(* Let $\Omega,\widetilde\Omega$ be Polish spaces and $\mathcal{P}:\Omega\twoheadrightarrow\mathfrak{P}(\widetilde\Omega)$ a non-empty-valued random set whose graph $\{(\omega,P):P\in\mathcal{P}(\omega)\}$ is analytic. Let $X:\Omega\times\widetilde\Omega\to\mathbb{R}^d$ be Borel-measurable with $\mathrm{supp}_{\mathcal{P}}X(\omega)\neq\emptyset$ for all $\omega\in\Omega$. Fix $\omega\in\Omega$ and let $h:\Omega\times\mathbb{R}^d\to\mathbb{R}$ be upper semi-analytic and such that $h(\omega,\cdot)$ is lower semi-continuous. Then $$\mathrm{ess\,sup}_{\mathcal{P}}\,h(X)(\omega)=\sup_{x\in\mathrm{supp}_{\mathcal{P}}X(\omega)}h(\omega,x),$$ where $h(X)(\omega,\widetilde\omega):=h(\omega,X(\omega,\widetilde\omega))$.
   Context: $\mathfrak{P}(\widetilde\Omega)$ is the set of Borel probability measures on $\widetilde\Omega$ with the weak topology. A property holds $\mathcal{P}(\omega)$-q.s. if it holds outside a set contained in a Borel set that is null for every $P\in\mathcal{P}(\omega)$. $\mathrm{supp}_{\mathcal{P}}X(\omega):=\bigcap\{F\subset\mathbb{R}^d\text{ closed}:\ P(X(\omega,\cdot)\in F)=1\ \forall P\in\mathcal{P}(\omega)\}$. A function is upper semi-analytic if its strict upper level sets $\{h>c\}$ are analytic. For $Z:\Omega\times\widetilde\Omega\to\mathbb{R}$, $\mathrm{ess\,sup}_{\mathcal{P}}Z(\omega)\in[-\infty,+\infty]$ denotes the quasi-sure essential supremum: the value such that, for all $y\in\mathbb{R}$, $y\ge Z(\omega,\cdot)$ $\mathcal{P}(\omega)$-q.s. if and only if $y\ge \mathrm{ess\,sup}_{\mathcal{P}}Z(\omega)$ (and $\mathrm{ess\,sup}_{\mathcal{P}}Z(\omega)\ge Z(\omega,\cdot)$ $\mathcal{P}(\omega)$-q.s.). *)

From HB Require Import structures.
From mathcomp Require Import all_boot all_order all_algebra.
From mathcomp Require Import all_classical all_reals all_analysis.
Set Implicit Arguments. Unset Strict Implicit. Unset Printing Implicit Defensive.
Import Order.TTheory GRing.Theory Num.Theory.
Import numFieldNormedType.Exports.
Local Open Scope classical_set_scope.
Local Open Scope ring_scope.

Definition borel_set (T : topologicalType) (A : set T) : Prop :=
  <<s @open T >> A.

Notation borelType T := (g_sigma_algebraType (@open T)).

Definition polish (R : realType) (T : topologicalType) : Prop :=
  (exists D : set T, countable D /\ closure D = setT) /\
  (exists dist : T -> T -> R,
     (forall x y, 0 <= dist x y) /\
     (forall x y, dist x y = 0 <-> x = y) /\
     (forall x y, dist x y = dist y x) /\
     (forall x y z, dist x z <= dist x y + dist y z) /\
     (forall A : set T, open A <->
        (forall x, A x -> exists2 e : R, 0 < e & [set y | dist x y < e] `<=` A)) /\
     (forall u : nat -> T,
        (forall e : R, 0 < e -> exists N : nat, forall m n, (N <= m)%N -> (N <= n)%N ->
           dist (u m) (u n) < e) ->
        exists l : T, (fun n => dist (u n) l) @ \oo --> 0)).

(** Convergence in the Baire space N^N (product of discrete topologies). *)
Definition baire_cvg (s : nat -> nat -> nat) (t : nat -> nat) : Prop :=
  forall k, \forall n \near \oo, s n k = t k.

(** Analytic subset of a (Polish) topological space: empty, or the image of
    the Baire space N^N under a continuous map (continuity = sequential
    continuity, since N^N is metrizable). *)
Definition analytic (T : topologicalType) (A : set T) : Prop :=
  A = set0 \/
  exists f : (nat -> nat) -> T,
    (forall s t, baire_cvg s t -> f (s n) @[n --> \oo] --> f t) /\
    range f = A.

Definition upper_semi_analytic (R : realType) (T : topologicalType)
  (h : T -> R) : Prop :=
  forall c : R, analytic [set x | c < h x].

Definition lsc_fun (R : realType) (T : topologicalType)
  (f : T -> R) : Prop :=
  forall c : R, open [set x | c < f x].

Definition weak_cvg (R : realType) (T : ptopologicalType)
  (Pn : nat -> probability (borelType T) R) (P : probability (borelType T) R) : Prop :=
  forall g : T -> R, continuous g -> (exists C : R, forall x, `|g x| <= C) ->
    (\int[Pn n]_x (g x)%:E)%E @[n --> \oo] --> (\int[P]_x (g x)%:E)%E.

(** The graph of P : Om ->> 𝔓(Ot) is analytic in Om × 𝔓(Ot), where 𝔓(Ot)
    carries the weak topology: it is empty or the continuous image of N^N. *)
Definition analytic_graph (R : realType) (Om : topologicalType) (Ot : ptopologicalType)
  (Pset : Om -> set (probability (borelType Ot) R)) : Prop :=
  [set wp | Pset wp.1 wp.2] = set0 \/
  exists f : (nat -> nat) -> Om * probability (borelType Ot) R,
    (forall s t, baire_cvg s t ->
        (f (s n)).1 @[n --> \oo] --> (f t).1 /\
        weak_cvg (fun n => (f (s n)).2) (f t).2) /\
    range f = [set wp | Pset wp.1 wp.2].

Definition quasi_sure (R : realType) (T : ptopologicalType)
  (Pw : set (probability (borelType T) R)) (Q : T -> Prop) : Prop :=
  exists N : set (borelType T), measurable N /\
    (forall P, Pw P -> P N = 0%E) /\ (forall w, ~ N w -> Q w).

Definition qs_support (R : realType) (T : ptopologicalType) (d : nat)
  (Pw : set (probability (borelType T) R)) (Xw : T -> 'rV[R]_d) : set 'rV[R]_d :=
  [set x | forall F : set 'rV[R]_d, closed F ->
     (forall P, Pw P -> P (Xw @^-1` F) = 1%E) -> F x].

Definition qs_ess_sup (R : realType) (T : ptopologicalType)
  (Pw : set (probability (borelType T) R)) (Zw : T -> R) : \bar R :=
  ereal_inf [set y : \bar R | quasi_sure Pw (fun w => ((Zw w)%:E <= y)%E)].

(* Idea: rational balls form a countable base of R^d, so the union of the
   preimages under X(w, .) of those balls that are null for every P in P(w)
   is a single quasi-surely null set, off which X(w, .) takes values in its
   quasi-sure support; this gives ess sup <= sup.  Conversely, by lower
   semicontinuity every sublevel set {h(w, .) <= y} is closed, and if h(X)
   <= y quasi-surely it has full measure under every P in P(w), hence contains
   the support.  For fixed w only the measurability of X(w, .) is used. *)

From HB Require Import structures.
From mathcomp Require Import all_boot all_order all_algebra.
From mathcomp Require Import all_classical all_reals all_analysis.
From mathcomp Require Import lra.
Set Implicit Arguments. Unset Strict Implicit. Unset Printing Implicit Defensive.
Import Order.TTheory GRing.Theory Num.Theory.
Import numFieldNormedType.Exports.
Local Open Scope classical_set_scope.
Local Open Scope ring_scope.

Lemma borel_set_section (Om Ot : topologicalType) (w : Om) (A : set (Om * Ot)) :
  borel_set A -> borel_set [set t | A (w, t)].
Proof.
pose S := [set B : set (Om * Ot) | borel_set [set t | B (w, t)]].
suff : <<s @open (Om * Ot)%type >> `<=` S by apply.
apply: smallest_sub.
  split=> [|B SB|F SF].
  - exact: sigma_algebra0.
  - exact: sigma_algebraCD SB.
  - exact: sigma_algebra_bigcup SF.
move=> B oB; apply: sub_sigma_algebra.
have /continuousP : continuous (fun t : Ot => (w, t)).
  by move=> t; apply: cvg_pair => //; exact: cvg_cst.
exact.
Qed.

Lemma borel_set_closed (T : topologicalType) (F : set T) :
  closed F -> borel_set F.
Proof.
move=> cF; rewrite -[F]setCK -setTD.
by apply: sigma_algebraCD; apply: sub_sigma_algebra; exact: closed_openC.
Qed.

Lemma countable_bigcup_measurable d (T : measurableType d) (I : countType)
    (D : set I) (F : I -> set T) :
  (forall i, D i -> measurable (F i)) -> measurable (\bigcup_(i in D) F i).
Proof.
move=> mF; rewrite bigcup_mkcond.
apply: countable_bigcupT_measurable => [|i]; first exact: countableP.
by case: ifPn => // /set_mem; exact: mF.
Qed.

Lemma measure0_countable_bigcup d (T : measurableType d) (R : realType)
    (mu : {measure set T -> \bar R}) (I : countType) (D : set I)
    (F : I -> set T) :
  (forall i, D i -> measurable (F i)) -> (forall i, D i -> mu (F i) = 0%E) ->
  mu (\bigcup_(i in D) F i) = 0%E.
Proof.
move=> mF F0.
pose G n := if unpickle n is Some i then if pselect (D i) then F i else set0
            else set0.
have mG n : measurable (G n).
  by rewrite /G; case: unpickle => [i|] //; case: pselect => //= Di; exact: mF.
have -> : \bigcup_(i in D) F i = \bigcup_n G n.
  apply/seteqP; split => [t [i Di Fit]|t [n _]].
    by exists (pickle i) => //; rewrite /G pickleK; case: pselect.
  by rewrite /G; case: unpickle => [i|] //; case: pselect => // Di; exists i.
apply/eqP; rewrite eq_le measure_ge0 andbT.
have := measure_sigma_subadditive mu mG (bigcupT_measurable _ mG) (fun _ x => x).
move/le_trans; apply.
rewrite eseries0 // => n _ _; rewrite /G.
case: unpickle => [i|] /=; last exact: measure0.
by case: pselect => /= [/F0|_]; last exact: measure0.
Qed.

Definition rat_ball (R : realType) (m n : nat) (q : 'M[rat]_(m, n) * rat) :
  set 'M[R]_(m, n) := ball (map_mx (@ratr R) q.1) (ratr q.2).

Lemma rat_ball_sub (R : realType) (m n : nat) (x : 'M[R]_(m, n)) (e : R) :
  0 < e -> exists q, rat_ball q x /\ rat_ball q `<=` ball x e.
Proof.
move=> e0.
have [r] := rat_in_itvoo (divr_gt0 e0 (ltr0n _ 2)).
rewrite in_itv /= => /andP [r0 re].
have /choice [f xf] : forall ij : 'I_m * 'I_n, exists q : rat,
    ball (ratr q : R) (ratr r) (x ij.1 ij.2).
  move=> [i j]; have : x i j - ratr r < x i j + ratr r.
    by rewrite ltrBlDr -addrA ltrDl addr_gt0.
  move=> /rat_in_itvoo[q]; rewrite in_itv /= => qi.
  by exists q; rewrite /ball /= distrC ltr_distlC.
pose q := (\matrix_(i, j) f (i, j), r).
have qx : rat_ball q x by split => // i j; rewrite !mxE; exact: (xf (i, j)).
exists q; split=> // y qy; apply: (@le_ball _ _ _ (ratr r + ratr r)).
  by move: re; move: (ratr r : R) => rr; lra.
exact: ball_triangle (ball_sym qx) qy.
Qed.

Lemma lsc_closed_le (R : realType) (T : topologicalType) (f : T -> R)
    (y : \bar R) :
  lsc_fun f -> closed [set x | ((f x)%:E <= y)%E].
Proof.
case: y => [r| |] lf.
- have -> : [set x | ((f x)%:E <= r%:E)%E] = ~` [set x | r < f x].
    by apply/seteqP; split => x /=; rewrite lee_fin leNgt => /negP.
  exact: open_closedC.
- have -> : [set x | ((f x)%:E <= +oo)%E] = setT.
    by apply/seteqP; split => x // _; exact: leey.
  exact: closedT.
- have -> : [set x | ((f x)%:E <= -oo)%E] = set0.
    by apply/seteqP; split => x //=; rewrite leeNy_eq.
  exact: closed0.
Qed.

Section quasi_sure_support.
Variables (R : realType) (T : ptopologicalType) (d : nat).
Variables (Pw : set (probability (borelType T) R)) (Xw : T -> 'rV[R]_d).
Hypothesis mXw :
  forall B, borel_set B -> measurable (Xw @^-1` B : set (borelType T)).

Lemma quasi_sure_prob1 (A : set (borelType T)) P :
  measurable A -> quasi_sure Pw A -> Pw P -> P A = 1%E.
Proof.
move=> mA [N [mN [N0 NA]]] PP; apply/eqP; rewrite eq_le probability_le1 //=.
rewrite -(sube0 1) -(N0 P PP) -probability_setC //.
by apply: le_measure; rewrite ?inE //; exact: measurableC.
Qed.

Lemma qs_support_sub_closed F :
  closed F -> quasi_sure Pw (Xw @^-1` F) -> qs_support Pw Xw `<=` F.
Proof.
move=> cF qsF x; apply => // P; apply: quasi_sure_prob1 => //.
by apply: mXw; exact: borel_set_closed.
Qed.

Lemma quasi_sure_qs_support : quasi_sure Pw (Xw @^-1` qs_support Pw Xw).
Proof.
have mXq q : measurable (Xw @^-1` rat_ball q : set (borelType T)).
  by apply: mXw; apply: sub_sigma_algebra; exact: ball_open.
pose null q := forall P, Pw P -> P (Xw @^-1` rat_ball q) = 0%E.
exists (\bigcup_(q in null) Xw @^-1` rat_ball q); split.
  exact: countable_bigcup_measurable.
split=> [P PP|t Nt F cF FP].
  by apply: measure0_countable_bigcup => // q /(_ P PP).
apply: contrapT => Ft.
have /nbhs_ballP[e /= e0 eF] : nbhs (Xw t) (~` F).
  by apply: open_nbhs_nbhs; split => //; exact: closed_openC.
have [q [qt qF]] := rat_ball_sub (Xw t) e0.
apply: Nt; exists q => // P PP; apply/eqP; rewrite eq_le measure_ge0 andbT.
have <- : P (~` (Xw @^-1` F)) = 0%E.
  rewrite probability_setC ?FP ?subee //.
  by apply: mXw; exact: borel_set_closed.
apply: le_measure; rewrite ?inE //; last by move=> s /qF /eF.
by apply: measurableC; apply: mXw; exact: borel_set_closed.
Qed.

End quasi_sure_support.

Theorem proposition1 (R : realType) (Om : topologicalType) (Ot : ptopologicalType)
  (d : nat)
  (Pset : Om -> set (probability (borelType Ot) R))
  (X : Om -> Ot -> 'rV[R]_d)
  (h : Om * 'rV[R]_d -> R) (w : Om) :
  polish R Om -> polish R Ot ->
  (forall w', Pset w' !=set0) ->
  analytic_graph Pset ->
  (forall B : set 'rV[R]_d, borel_set B ->
     borel_set [set p : Om * Ot | B (X p.1 p.2)]) ->
  (forall w', qs_support (Pset w') (X w') !=set0) ->
  upper_semi_analytic h ->
  lsc_fun (fun x => h (w, x)) ->
  qs_ess_sup (Pset w) (fun wt => h (w, X w wt)) =
  ereal_sup ((fun x => EFin (h (w, x))) @` qs_support (Pset w) (X w)).
Proof.
move=> _ _ _ _ mX _ _ hlsc.
have mXw B : borel_set B -> measurable (X w @^-1` B : set (borelType Ot)).
  by move=> /mX; exact: borel_set_section.
apply/eqP; rewrite eq_le; apply/andP; split.
- apply: ereal_inf_lbound.
  have [N [mN [N0 NS]]] := quasi_sure_qs_support (Pset w) mXw.
  exists N; split; [|split] => // t /NS St.
  by apply: ereal_sup_ubound; exists (X w t).
- apply: ge_ereal_sup => _ [x Sx <-]; apply: le_ereal_inf_tmp => y /= qsy.
  exact: (qs_support_sub_closed mXw (lsc_closed_le hlsc) qsy Sx).
Qed.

#### WORK ORDER
Each line of the data that holds "case" should be copied.

#### FINISHED EXERCISE
by case: ifPn => // /set_mem; exact: mF.
  by rewrite /G; case: unpickle => [i|] //; case: pselect => //= Di; exact: mF.
    by exists (pickle i) => //; rewrite /G pickleK; case: pselect.
  by rewrite /G; case: unpickle => [i|] //; case: pselect => // Di; exists i.
case: unpickle => [i|] /=; last exact: measure0.
by case: pselect => /= [/F0|_]; last exact: measure0.
case: y => [r| |] lf.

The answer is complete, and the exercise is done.